# simple VPN

## ee99ee2

I want a VPN at home. All I want to be able to do is go to work with my laptop running Linux, and connect to my network at home.

I also want my friends to be able to connect to my VPN pretty easily from their Windows machines.

What I don't want is something buggy like a Microsoft Windows PPTP version of a VPN. No, no, no...

Where should I start? I'm afraid that something like FreeS/WAN is going to take way too long, and be too complicated. I want something that's not complicated for the most part.

Also note, the VPN server will be behind a NAT.

-ee99ee2

----------

## mglauche

have a look at the cipe project, its small, easy to configure, sane and there's even a win32 client  :Smile: 

http://sites.inka.de/sites/bigred/devel/cipe.html

----------

## ee99ee2

One thing I left out. I don't want clients to have to download Windows clients. I want something that'll just work that's already got support in Windows XP.

-ee99ee2

----------

## donoreo

You could try POPTOP.  It is a PPTP VPN server.  All versions of Windows support this.

----------

## ee99ee2

Is it secure? fast? I know Microsoft's implementation of PPTP is very... insecure....

-ee99ee2

----------

## simcop2387

poptop from what i can tell is pretty secure, it supports the MS stuff, but only the connections to the Windows machines would be insecure if they truely are, (i'm not sure about their second version of it)

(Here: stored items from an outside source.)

Lemma deriv_within_continuity_pt (D : R -> Prop) (g : R -> R) x l :
  (exists r, r > 0 /\ forall y, Rabs (y - x) < r -> D y) ->
  deriv_within D g x l -> continuity_pt g x.
Proof.
  intros [r [Hr HD]] Hd eps Heps.
  destruct (Hd 1 ltac:(lra)) as [d [Hd0 Hd1]].
  set (K := Rabs l + 1).
  assert (HK : K > 0) by (unfold K; pose proof (Rabs_pos l); lra).
  exists (Rmin (Rmin r d) (eps / K)). split.
  { apply Rmin_pos; [apply Rmin_pos; lra|]. apply Rdiv_lt_0_compat; lra. }
  intros y [[_ Hyx] Hy]. simpl in *. unfold R_dist in *.
  pose proof (Rmin_l (Rmin r d) (eps / K)). pose proof (Rmin_r (Rmin r d) (eps / K)).
  pose proof (Rmin_l r d). pose proof (Rmin_r r d).
  assert (Hyx0 : y - x <> 0) by lra.
  specialize (Hd1 y ltac:(apply HD; lra) (not_eq_sym Hyx) ltac:(lra)).
  replace (g y - g x) with (((g y - g x) / (y - x) - l) * (y - x) + l * (y - x))
    by (field; auto).
  eapply Rle_lt_trans; [apply Rabs_triang|]. rewrite !Rabs_mult.
  assert (Rabs (y - x) * K < eps).
  { apply (Rmult_lt_reg_r (/ K)); [apply Rinv_0_lt_compat; lra|].
    rewrite Rmult_assoc, Rinv_r; [unfold Rdiv in *; lra|lra]. }
  pose proof (Rabs_pos (y - x)).
  assert (Rabs ((g y - g x) / (y - x) - l) * Rabs (y - x) <= Rabs (y - x))
    by (rewrite <- (Rmult_1_l (Rabs (y - x))) at 2; apply Rmult_le_compat_r; lra).
  unfold K in *. nra.
Qed.
(* Let $n\ge 2$ be an integer, $p,q\in\mathbb{R}$ with $q>0$, and let $M$ be a real $n\times n$ matrix such that each of the numbers $p, p+q, \dots, p+(n-1)q$ appears exactly $n$ times among the entries of $M$. Set $$r := \frac pq + \frac{n-1}{2},\quad \rho := \frac{n+1}{12},\quad \sigma := nq^2\left(r^2 + \frac{n^2-1}{12}\right).$$ Then: if $r^2 < \rho$: $|\det M| \le \sigma^{n/2}$; if $r^2 = \rho$: $|\det M| \le n^n q^n |r| \rho^{\frac{n-1}{2}} = \sigma^{n/2}$; if $r^2 > \rho$: $|\det M| \le n^n q^n |r| \rho^{\frac{n-1}{2}} < \sigma^{n/2}$. *)

(* Real numbers are modelled by an arbitrary real closed field
   R : rcfType; real powers x^(k/2) with x >= 0 are written (Num.sqrt x) ^+ k. *)
From HB Require Import structures.
From mathcomp Require Import all_boot all_order all_algebra.
Set Implicit Arguments. Unset Strict Implicit. Unset Printing Implicit Defensive.
Import Order.TTheory GRing.Theory Num.Theory.
Local Open Scope ring_scope.

Definition r_of (R : rcfType) (n : nat) (p q : R) : R :=
  p / q + (n%:R - 1) / 2%:R.
Definition rho_of (R : rcfType) (n : nat) : R := (n%:R + 1) / 12%:R.
Definition sigma_of (R : rcfType) (n : nat) (p q : R) : R :=
  n%:R * q ^+ 2 * (r_of n p q ^+ 2 + (n%:R ^+ 2 - 1) / 12%:R).
Definition bound_of (R : rcfType) (n : nat) (p q : R) : R :=
  n%:R ^+ n * q ^+ n * `|r_of n p q| * (Num.sqrt (rho_of R n)) ^+ n.-1.

(* Put F := sum of the squared entries = n sigma and S := sum of the entries = n^2 q r;
   both depend only on the multiset of entries.  Hadamard's inequality for the Gram
   matrix M^T M and AM-GM on its diagonal give det(M)^2 <= (F/n)^n = sigma^n.
   For the sharper bound, rotate M by an orthogonal matrix whose first column is the
   normalised all-ones vector.  The first diagonal entry X of the new Gram matrix is
   |row sums|^2 / n, so X >= (S/n)^2 =: Y by Cauchy-Schwarz, while Hadamard and AM-GM
   on the other diagonal entries give det(M)^2 <= X ((F - X)/(n-1))^(n-1).  This is
   nonincreasing in X as soon as X >= F/n, which is what r^2 >= rho guarantees, hence
   det(M)^2 <= Y ((F - Y)/(n-1))^(n-1), the square of the stated bound.  Comparing it
   with sigma^n is AM-GM for Y and n-1 copies of (F - Y)/(n-1), strict unless
   r^2 = rho. *)

From HB Require Import structures.
From mathcomp Require Import all_boot all_order all_algebra.
From mathcomp Require Import ring lra.
Set Implicit Arguments. Unset Strict Implicit. Unset Printing Implicit Defensive.
Import Order.TTheory GRing.Theory Num.Theory.
Local Open Scope ring_scope.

i'm planning on setting up a server in my house in not too long to try to get everything going.

----------

## CountZero

I've set up POPTOP before in Slackware.  I don't imagine that it would be any different in Gentoo.  It has 128-bit RC4 encryption.  It requires you to patch and recompile the PPP drivers for the kernel for it to work however.  Check out the POPTOP website for details.

----------

## Praxxus

If you use PoPToP, make sure you specify in the config files to only accept connections using 128-bit encryption.  Otherwise it will let users connect using the MS standard 40-bit encryption.

So be careful.   :Wink: 

----------

## krt

Try using SSH and port forwarding.  Its easy to setup, easy to script, and most of all - far more secure than MS VPN (or even IPSEC) ever will be.

----------

## hifi

 *Praxxus wrote:*   

> If you use PoPToP, make sure you specify in the config files to only accept connections using 128-bit encryption.

 

And how do i do this. I've tried, but with my windoof clients i can still connect using no encryption :O(

----------